#### EXERCISE REQUIREMENTS
Please copy the listing below in its entirety, without alteration.

#### SUPPLIED RECORDS
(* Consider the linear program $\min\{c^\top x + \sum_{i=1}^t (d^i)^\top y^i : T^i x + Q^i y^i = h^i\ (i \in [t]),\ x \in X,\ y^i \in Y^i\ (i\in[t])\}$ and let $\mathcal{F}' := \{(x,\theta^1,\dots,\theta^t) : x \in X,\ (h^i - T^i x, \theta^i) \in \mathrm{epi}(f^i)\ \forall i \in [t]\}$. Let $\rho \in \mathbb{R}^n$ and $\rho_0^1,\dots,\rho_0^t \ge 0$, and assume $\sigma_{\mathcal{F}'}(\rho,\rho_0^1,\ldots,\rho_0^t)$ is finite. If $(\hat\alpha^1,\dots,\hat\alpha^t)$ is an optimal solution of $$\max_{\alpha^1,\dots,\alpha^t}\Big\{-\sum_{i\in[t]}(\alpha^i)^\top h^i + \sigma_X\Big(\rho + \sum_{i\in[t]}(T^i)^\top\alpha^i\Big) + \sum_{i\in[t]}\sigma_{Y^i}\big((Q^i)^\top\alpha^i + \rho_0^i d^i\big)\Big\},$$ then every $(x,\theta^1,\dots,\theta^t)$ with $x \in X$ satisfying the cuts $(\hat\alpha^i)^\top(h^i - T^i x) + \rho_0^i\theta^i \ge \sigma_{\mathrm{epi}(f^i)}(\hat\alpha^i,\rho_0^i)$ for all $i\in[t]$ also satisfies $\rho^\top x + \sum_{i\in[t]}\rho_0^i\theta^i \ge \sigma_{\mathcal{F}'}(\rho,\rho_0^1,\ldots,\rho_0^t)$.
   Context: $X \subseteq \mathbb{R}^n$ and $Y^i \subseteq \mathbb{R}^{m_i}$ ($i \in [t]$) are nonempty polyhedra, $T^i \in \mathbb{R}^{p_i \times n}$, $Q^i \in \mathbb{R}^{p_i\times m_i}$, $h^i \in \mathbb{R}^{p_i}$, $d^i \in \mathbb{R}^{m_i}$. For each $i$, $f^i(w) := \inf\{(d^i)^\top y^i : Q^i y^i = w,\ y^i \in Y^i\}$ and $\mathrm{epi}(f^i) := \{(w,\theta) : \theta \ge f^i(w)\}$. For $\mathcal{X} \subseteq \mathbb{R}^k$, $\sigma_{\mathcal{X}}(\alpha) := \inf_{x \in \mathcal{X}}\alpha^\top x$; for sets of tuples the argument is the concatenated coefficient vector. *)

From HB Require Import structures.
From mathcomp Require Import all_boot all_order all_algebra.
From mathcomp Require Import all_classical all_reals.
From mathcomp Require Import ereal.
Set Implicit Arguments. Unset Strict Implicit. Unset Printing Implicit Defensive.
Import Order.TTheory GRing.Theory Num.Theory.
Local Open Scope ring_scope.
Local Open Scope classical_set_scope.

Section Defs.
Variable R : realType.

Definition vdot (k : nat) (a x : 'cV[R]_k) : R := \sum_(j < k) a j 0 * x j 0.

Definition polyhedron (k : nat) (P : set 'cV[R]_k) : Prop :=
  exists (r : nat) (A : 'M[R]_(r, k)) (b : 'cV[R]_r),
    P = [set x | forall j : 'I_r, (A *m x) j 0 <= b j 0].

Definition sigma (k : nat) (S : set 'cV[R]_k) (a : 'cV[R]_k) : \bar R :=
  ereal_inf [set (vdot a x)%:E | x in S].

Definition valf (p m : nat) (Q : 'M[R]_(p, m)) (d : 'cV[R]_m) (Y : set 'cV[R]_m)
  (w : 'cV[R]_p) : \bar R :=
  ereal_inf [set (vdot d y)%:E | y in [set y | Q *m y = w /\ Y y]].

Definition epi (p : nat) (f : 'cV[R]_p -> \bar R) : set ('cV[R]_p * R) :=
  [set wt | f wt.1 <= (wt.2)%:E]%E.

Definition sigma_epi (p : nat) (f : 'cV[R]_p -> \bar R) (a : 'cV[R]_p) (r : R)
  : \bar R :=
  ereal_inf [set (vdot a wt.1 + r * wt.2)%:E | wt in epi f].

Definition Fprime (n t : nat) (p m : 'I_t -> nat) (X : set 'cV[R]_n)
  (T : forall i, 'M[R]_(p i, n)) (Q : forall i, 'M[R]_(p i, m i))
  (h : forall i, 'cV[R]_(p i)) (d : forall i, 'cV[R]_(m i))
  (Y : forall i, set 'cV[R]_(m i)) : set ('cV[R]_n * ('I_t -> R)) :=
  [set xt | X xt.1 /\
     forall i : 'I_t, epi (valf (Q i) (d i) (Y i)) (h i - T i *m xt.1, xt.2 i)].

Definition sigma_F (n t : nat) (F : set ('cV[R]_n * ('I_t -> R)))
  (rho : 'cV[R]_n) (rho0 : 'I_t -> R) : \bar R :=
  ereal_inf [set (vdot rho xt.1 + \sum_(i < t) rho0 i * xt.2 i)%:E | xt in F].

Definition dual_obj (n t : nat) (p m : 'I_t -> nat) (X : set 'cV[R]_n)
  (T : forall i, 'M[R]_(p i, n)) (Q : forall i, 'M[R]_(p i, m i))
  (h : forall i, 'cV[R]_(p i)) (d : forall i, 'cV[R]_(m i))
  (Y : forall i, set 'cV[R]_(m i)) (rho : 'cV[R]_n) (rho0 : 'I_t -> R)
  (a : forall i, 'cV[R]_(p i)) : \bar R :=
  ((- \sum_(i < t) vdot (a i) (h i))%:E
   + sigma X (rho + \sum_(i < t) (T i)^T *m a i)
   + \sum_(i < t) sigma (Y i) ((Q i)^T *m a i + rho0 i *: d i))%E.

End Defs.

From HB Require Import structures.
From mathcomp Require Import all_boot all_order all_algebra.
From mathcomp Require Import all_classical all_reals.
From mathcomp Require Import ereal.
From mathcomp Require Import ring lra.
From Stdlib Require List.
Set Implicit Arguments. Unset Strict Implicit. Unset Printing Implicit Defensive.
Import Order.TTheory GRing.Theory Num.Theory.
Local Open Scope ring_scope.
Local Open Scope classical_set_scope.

#### SOLUTION FOR THIS TASK
(* Consider the linear program $\min\{c^\top x + \sum_{i=1}^t (d^i)^\top y^i : T^i x + Q^i y^i = h^i\ (i \in [t]),\ x \in X,\ y^i \in Y^i\ (i\in[t])\}$ and let $\mathcal{F}' := \{(x,\theta^1,\dots,\theta^t) : x \in X,\ (h^i - T^i x, \theta^i) \in \mathrm{epi}(f^i)\ \forall i \in [t]\}$. Let $\rho \in \mathbb{R}^n$ and $\rho_0^1,\dots,\rho_0^t \ge 0$, and assume $\sigma_{\mathcal{F}'}(\rho,\rho_0^1,\ldots,\rho_0^t)$ is finite. If $(\hat\alpha^1,\dots,\hat\alpha^t)$ is an optimal solution of $$\max_{\alpha^1,\dots,\alpha^t}\Big\{-\sum_{i\in[t]}(\alpha^i)^\top h^i + \sigma_X\Big(\rho + \sum_{i\in[t]}(T^i)^\top\alpha^i\Big) + \sum_{i\in[t]}\sigma_{Y^i}\big((Q^i)^\top\alpha^i + \rho_0^i d^i\big)\Big\},$$ then every $(x,\theta^1,\dots,\theta^t)$ with $x \in X$ satisfying the cuts $(\hat\alpha^i)^\top(h^i - T^i x) + \rho_0^i\theta^i \ge \sigma_{\mathrm{epi}(f^i)}(\hat\alpha^i,\rho_0^i)$ for all $i\in[t]$ also satisfies $\rho^\top x + \sum_{i\in[t]}\rho_0^i\theta^i \ge \sigma_{\mathcal{F}'}(\rho,\rho_0^1,\ldots,\rho_0^t)$.
   Context: $X \subseteq \mathbb{R}^n$ and $Y^i \subseteq \mathbb{R}^{m_i}$ ($i \in [t]$) are nonempty polyhedra, $T^i \in \mathbb{R}^{p_i \times n}$, $Q^i \in \mathbb{R}^{p_i\times m_i}$, $h^i \in \mathbb{R}^{p_i}$, $d^i \in \mathbb{R}^{m_i}$. For each $i$, $f^i(w) := \inf\{(d^i)^\top y^i : Q^i y^i = w,\ y^i \in Y^i\}$ and $\mathrm{epi}(f^i) := \{(w,\theta) : \theta \ge f^i(w)\}$. For $\mathcal{X} \subseteq \mathbb{R}^k$, $\sigma_{\mathcal{X}}(\alpha) := \inf_{x \in \mathcal{X}}\alpha^\top x$; for sets of tuples the argument is the concatenated coefficient vector. *)

From HB Require Import structures.
From mathcomp Require Import all_boot all_order all_algebra.
From mathcomp Require Import all_classical all_reals.
From mathcomp Require Import ereal.
Set Implicit Arguments. Unset Strict Implicit. Unset Printing Implicit Defensive.
Import Order.TTheory GRing.Theory Num.Theory.
Local Open Scope ring_scope.
Local Open Scope classical_set_scope.

Section Defs.
Variable R : realType.

Definition vdot (k : nat) (a x : 'cV[R]_k) : R := \sum_(j < k) a j 0 * x j 0.

Definition polyhedron (k : nat) (P : set 'cV[R]_k) : Prop :=
  exists (r : nat) (A : 'M[R]_(r, k)) (b : 'cV[R]_r),
    P = [set x | forall j : 'I_r, (A *m x) j 0 <= b j 0].

Definition sigma (k : nat) (S : set 'cV[R]_k) (a : 'cV[R]_k) : \bar R :=
  ereal_inf [set (vdot a x)%:E | x in S].

Definition valf (p m : nat) (Q : 'M[R]_(p, m)) (d : 'cV[R]_m) (Y : set 'cV[R]_m)
  (w : 'cV[R]_p) : \bar R :=
  ereal_inf [set (vdot d y)%:E | y in [set y | Q *m y = w /\ Y y]].

Definition epi (p : nat) (f : 'cV[R]_p -> \bar R) : set ('cV[R]_p * R) :=
  [set wt | f wt.1 <= (wt.2)%:E]%E.

Definition sigma_epi (p : nat) (f : 'cV[R]_p -> \bar R) (a : 'cV[R]_p) (r : R)
  : \bar R :=
  ereal_inf [set (vdot a wt.1 + r * wt.2)%:E | wt in epi f].

Definition Fprime (n t : nat) (p m : 'I_t -> nat) (X : set 'cV[R]_n)
  (T : forall i, 'M[R]_(p i, n)) (Q : forall i, 'M[R]_(p i, m i))
  (h : forall i, 'cV[R]_(p i)) (d : forall i, 'cV[R]_(m i))
  (Y : forall i, set 'cV[R]_(m i)) : set ('cV[R]_n * ('I_t -> R)) :=
  [set xt | X xt.1 /\
     forall i : 'I_t, epi (valf (Q i) (d i) (Y i)) (h i - T i *m xt.1, xt.2 i)].

Definition sigma_F (n t : nat) (F : set ('cV[R]_n * ('I_t -> R)))
  (rho : 'cV[R]_n) (rho0 : 'I_t -> R) : \bar R :=
  ereal_inf [set (vdot rho xt.1 + \sum_(i < t) rho0 i * xt.2 i)%:E | xt in F].

Definition dual_obj (n t : nat) (p m : 'I_t -> nat) (X : set 'cV[R]_n)
  (T : forall i, 'M[R]_(p i, n)) (Q : forall i, 'M[R]_(p i, m i))
  (h : forall i, 'cV[R]_(p i)) (d : forall i, 'cV[R]_(m i))
  (Y : forall i, set 'cV[R]_(m i)) (rho : 'cV[R]_n) (rho0 : 'I_t -> R)
  (a : forall i, 'cV[R]_(p i)) : \bar R :=
  ((- \sum_(i < t) vdot (a i) (h i))%:E
   + sigma X (rho + \sum_(i < t) (T i)^T *m a i)
   + \sum_(i < t) sigma (Y i) ((Q i)^T *m a i + rho0 i *: d i))%E.

End Defs.

From HB Require Import structures.
From mathcomp Require Import all_boot all_order all_algebra.
From mathcomp Require Import all_classical all_reals.
From mathcomp Require Import ereal.
From mathcomp Require Import ring lra.
From Stdlib Require List.
Set Implicit Arguments. Unset Strict Implicit. Unset Printing Implicit Defensive.
Import Order.TTheory GRing.Theory Num.Theory.
Local Open Scope ring_scope.
Local Open Scope classical_set_scope.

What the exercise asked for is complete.